Lemma sumr_indicator (R : pzSemiRingType) (I : finType) (a : I) (F : I -> R) :
  \sum_y (a == y)%:R * F y = F a.
Proof.
rewrite (bigD1 a) //= eqxx mul1r big1 ?addr0 // => y /negbTE.
by rewrite eq_sym => ->; rewrite mul0r.
Qed.

Lemma sumr_indicator1 (R : pzSemiRingType) (I : finType) (a : I) :
  \sum_y (a == y)%:R = 1 :> R.
Proof.
by rewrite -[RHS](sumr_indicator a (fun=> 1)); apply: eq_bigr => y _; rewrite mulr1.
Qed.

Section Birkhoff.
Variables (R : realFieldType) (I : finType).
Implicit Types (M C : I -> I -> R) (t lam : R) (s : {perm I}).

Definition doubly_stochastic t M :=
  [/\ forall i j, 0 <= M i j, forall i, \sum_j M i j = t & forall j, \sum_i M i j = t].

Definition supp M := [set ij : I * I | M ij.1 ij.2 != 0].

Definition peel M s lam i j := M i j - (s i == j)%:R * lam.

Lemma doubly_stochastic_nonpos t M : doubly_stochastic t M -> t <= 0 ->
  forall i j, M i j = 0.
Proof.
move=> [M0 Mr _] t_le0 i j; apply: (psumr_eq0P (P := predT) (fun j _ => M0 i j)) => //.
by apply/eqP; rewrite eq_le {1}Mr t_le0 sumr_ge0.
Qed.

Lemma perm_in_support t M : doubly_stochastic t M -> 0 < t ->
  exists s, forall i, M i (s i) != 0.
Proof.
move=> [M0 Mr Mc] t_gt0.
case: (pickP (@predT I)) => [i0 _|I0]; last by exists 1%g => i; have := I0 i.
have [f [fE finj]] : exists f, matching (fun i j => M i j != 0) [set: I] f.
  apply: (hall_marriage i0) => A _; set N := neighbours _ A.
  have M_N i : i \in A -> \sum_(j in N) M i j = t.
    move=> iA; rewrite -(Mr i) [RHS](bigID (mem N)) /= [X in _ + X]big1 ?addr0 //.
    move=> j jN; apply/eqP; apply: contraNT jN => Mij.
    by rewrite inE; apply/existsP; exists i; rewrite iA.
  (* The rows in A carry mass #|A| t, all of it inside the columns N. *)
  have : #|A|%:R * t <= #|N|%:R * t.
    rewrite !mulr_natl -!sumr_const -(eq_bigr _ M_N).
    apply: (@le_trans _ _ (\sum_i \sum_(j in N) M i j)).
      rewrite [leRHS](bigID (mem A)) /= lerDl.
      by apply: sumr_ge0 => i _; apply: sumr_ge0.
    by rewrite exchange_big /= (eq_bigr _ (fun j _ => Mc j)).
  by rewrite ler_pM2r // ler_nat.
have f_inj : injective f by move=> i j; apply: finj; rewrite inE.
by exists (perm f_inj) => i; rewrite permE; apply: fE; rewrite inE.
Qed.

Lemma peel_doubly_stochastic t M s lam : doubly_stochastic t M ->
  (forall i, lam <= M i (s i)) -> doubly_stochastic (t - lam) (peel M s lam).
Proof.
move=> [M0 Mr Mc] lamM; split=> [i j|i|j]; rewrite /peel.
- by case: eqP => [<-|_]; rewrite ?mul1r ?subr_ge0 ?mul0r ?subr0.
- by rewrite sumrB Mr sumr_indicator.
rewrite sumrB Mc (eq_bigr (fun i => ((s^-1)%g j == i)%:R * lam)) ?sumr_indicator //.
by move=> i _; rewrite (canF_eq (permK s)) eq_sym.
Qed.

Lemma card_supp_peel M s lam i : (forall i j, 0 <= peel M s lam i j) -> 0 < lam ->
  M i (s i) = lam -> (#|supp (peel M s lam)| < #|supp M|)%N.
Proof.
move=> peel0 lam_gt0 Mlam; apply/proper_card/fintype.properP; split.
  apply/fintype.subsetP => -[a b]; rewrite !inE /=; apply: contraNN => /eqP Mab.
  have := peel0 a b; rewrite /peel Mab sub0r oppr_ge0 => ab_le0.
  by rewrite oppr_eq0 eq_le ab_le0 mulr_ge0 ?ler0n ?ltW.
exists (i, s i); rewrite !inE /= /peel Mlam; first exact: lt0r_neq0.
by rewrite eqxx mul1r subrr eqxx.
Qed.

Lemma sum_peel M C s lam : \sum_i \sum_j M i j * C i j =
  \sum_i \sum_j peel M s lam i j * C i j + lam * \sum_i C i (s i).
Proof.
rewrite mulr_sumr -big_split; apply: eq_bigr => i _ /=.
under [X in _ = X + _]eq_bigr => j _ do rewrite /peel mulrBl -mulrA.
by rewrite sumrB sumr_indicator subrK.
Qed.

Theorem doubly_stochastic_perm_le C t M : doubly_stochastic t M ->
  exists s, t * \sum_i C i (s i) <= \sum_i \sum_j M i j * C i j.
Proof.
have [n] := ubnP #|supp M|; elim: n t M => // n IH t M /ltnSE suppMn dsM.
have [t_le0|t_gt0] := lerP t 0.
  exists 1%g; have M0 := doubly_stochastic_nonpos dsM t_le0; have [_ Mr _] := dsM.
  rewrite mulr_sumr; apply: ler_sum => i _.
  by rewrite -(Mr i) !big1 ?mul0r // => j _; rewrite M0 ?mul0r.
have [s sM] := perm_in_support dsM t_gt0.
case: (pickP (@predT I)) => [i0 _|I0]; last by exists s; rewrite !big1 ?mulr0 // => i; have := I0 i.
(* Peel off lam times s, lam the least entry along s: the support shrinks. *)
pose i1 := [arg min_(i < i0) M i (s i)]%O.
have lam_min i : M i1 (s i1) <= M i (s i).
  by rewrite /i1; case: arg_minP => // i2 _; apply.
set lam := M i1 (s i1) in lam_min.
have lam_gt0 : 0 < lam by have [M0 _ _] := dsM; rewrite lt0r /lam sM M0.
have dsM' := peel_doubly_stochastic dsM lam_min; have [peel0 peelr _] := dsM'.
have [s' le_s'] := IH _ _ (leq_trans (card_supp_peel peel0 lam_gt0 erefl) suppMn) dsM'.
have lam_le_t : 0 <= t - lam by rewrite -(peelr i0) sumr_ge0.
rewrite (sum_peel _ _ s lam); move: le_s'.
set a := \sum_i C i (s i); set b := \sum_i C i (s' i).
have [ab|ba] := lerP a b.
  exists s; rewrite -/a.
  have : (t - lam) * a <= (t - lam) * b by rewrite ler_wpM2l.
  lra.
exists s'; rewrite -/b.
have : lam * b <= lam * a by rewrite ler_wpM2l // ltW.
lra.
Qed.

End Birkhoff.

Section Transport.
Variables (R : realType) (T : finType) (d : T -> T -> R).
Hypothesis d_ge0 : forall x y, 0 <= d x y.
Local Open Scope classical_set_scope.
Implicit Types (mu nu pi : T -> R) (g : T -> T -> R).

Definition transport_cost g := \sum_x \sum_y g x y * d x y.

Lemma dW_le_cost mu nu g : coupling mu nu g -> dW d mu nu <= transport_cost g.
Proof.
move=> cg; apply: ge_inf; last by exists g.
exists 0 => _ [g' [[g'0 _ _] ->]].
by apply: sumr_ge0 => x _; apply: sumr_ge0 => y _; rewrite mulr_ge0.
Qed.

Lemma dW_ge mu nu c : (exists g, coupling mu nu g) ->
  (forall g, coupling mu nu g -> c <= transport_cost g) -> c <= dW d mu nu.
Proof.
move=> [g cg] le_c; apply: lb_le_inf; first by exists (transport_cost g), g.
by move=> _ [g' [cg' ->]]; exact: le_c.
Qed.

Lemma coupling_transpose mu nu g :
  coupling mu nu g -> coupling nu mu (fun y x => g x y).
Proof. by case. Qed.

Lemma coupling_le_l mu nu g x y : coupling mu nu g -> g x y <= mu x.
Proof. by case=> g0 <- _; rewrite (bigD1 y) //= lerDl sumr_ge0. Qed.

Lemma coupling_le_r mu nu g x y : coupling mu nu g -> g x y <= nu y.
Proof. by move/coupling_transpose/coupling_le_l. Qed.

Lemma coupling_prod mu nu : is_prob mu -> is_prob nu ->
  coupling mu nu (fun x y => mu x * nu y).
Proof.
move=> [mu0 mu1] [nu0 nu1]; split=> [x y|x|y]; first by rewrite mulr_ge0.
  by rewrite -mulr_sumr nu1 mulr1.
by rewrite -mulr_suml mu1 mul1r.
Qed.
(* Simple graphs: T : finType, e : rel T symmetric and irreflexive. *)

Definition restr (T : finType) (e : rel T) (S : {set T}) : rel T :=
  [rel x y | [&& x \in S, y \in S & e x y]].

(* G[S] is connected (the empty vertex set is vacuously connected) *)
Definition induced_connected (T : finType) (e : rel T) (S : {set T}) : bool :=
  [forall x in S, forall y in S, connect (restr e S) x y].

Definition nonseparable (T : finType) (e : rel T) (S : {set T}) : bool :=
  [&& S != set0, induced_connected e S &
      [forall v in S, induced_connected e (S :\ v)]].

Definition is_block (T : finType) (e : rel T) (B : {set T}) : bool :=
  nonseparable e B &&
  [forall S : {set T}, (B \subset S) && nonseparable e S ==> (S == B)].

Definition is_clique (T : finType) (e : rel T) (B : {set T}) : bool :=
  [forall x in B, forall y in B, (x != y) ==> e x y].

Definition block_graph (T : finType) (e : rel T) : Prop :=
  (forall x y : T, connect e x y) /\
  (forall B : {set T}, is_block e B -> is_clique e B).

Definition sumset (A B : {fset nat}) : {fset nat} :=
  [fset (a + b)%N | a in A, b in B].

Definition IASI (T : finType) (e : rel T) (f : T -> {fset nat}) : Prop :=
  injective f /\
  (forall u v x y, e u v -> e x y ->
     sumset (f u) (f v) = sumset (f x) (f y) -> [set u; v] = [set x; y]).

Definition weak_IASI (T : finType) (e : rel T) (f : T -> {fset nat}) : Prop :=
  IASI e f /\
  (forall u v, e u v -> #|` sumset (f u) (f v)| = maxn #|` f u| #|` f v|).

(* number of mono-indexed edges (edges are unordered pairs {u, v}) *)
Definition mono_count (T : finType) (e : rel T) (f : T -> {fset nat}) : nat :=
  #|[set [set u; v] | u in T, v in T & e u v && (#|` sumset (f u) (f v)| == 1%N)]|.

Definition is_sparing_number (T : finType) (e : rel T) (k : nat) : Prop :=
  (exists f, weak_IASI e f /\ mono_count e f = k) /\
  (forall f, weak_IASI e f -> (k <= mono_count e f)%N).

From HB Require Import structures.
From mathcomp Require Import all_boot.
From mathcomp Require Import finmap.
From mathcomp Require Import zify.
Set Implicit Arguments. Unset Strict Implicit. Unset Printing Implicit Defensive.

(* Lower bound: in a weak IASI two adjacent vertices cannot both carry
   non-singleton sets (|A + B| > max(|A|, |B|) as soon as both have two
   elements, and injectivity excludes two empty sets).  So a block K_n has at
   least n - 1 singleton-indexed vertices, every edge between two of them is
   mono-indexed, and since every edge lies in exactly one block at least
   sum_i C(n_i - 1, 2) edges are mono-indexed.
   Upper bound: a block graph has an independent set S meeting every block
   with at least two vertices; it is built greedily along an order of the
   vertices keeping the processed part connected.  Index the vertex of rank k
   by {2^k}, or by {2^k, 2^k + 1} if it lies in S.  Sums of two distinct
   powers of two determine the edge, independence of S makes the indexer
   weak, and the mono-indexed edges are exactly the edges of a block that
   avoid its S-vertex. *)

Section InducedConnectivity.
Variables (T : finType) (e : rel T).

Lemma restr_sym (S : {set T}) : symmetric e -> symmetric (restr e S).
Proof. by move=> e_sym x y; rewrite /restr /= e_sym andbCA. Qed.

□ □ □ □

▸ **Work request**:
Transcribe the lines above between the line holding "Lemma dW_le_cost mu" and the line holding "Lemma coupling_transpose mu", inclusive, exactly as they stand and with nothing added.

▸ **Solution to the exercise**:
Lemma dW_le_cost mu nu g : coupling mu nu g -> dW d mu nu <= transport_cost g.
Proof.
move=> cg; apply: ge_inf; last by exists g.
exists 0 => _ [g' [[g'0 _ _] ->]].
by apply: sumr_ge0 => x _; apply: sumr_ge0 => y _; rewrite mulr_ge0.
Qed.

Lemma dW_ge mu nu c : (exists g, coupling mu nu g) ->
  (forall g, coupling mu nu g -> c <= transport_cost g) -> c <= dW d mu nu.
Proof.
move=> [g cg] le_c; apply: lb_le_inf; first by exists (transport_cost g), g.
by move=> _ [g' [cg' ->]]; exact: le_c.
Qed.

Lemma coupling_transpose mu nu g :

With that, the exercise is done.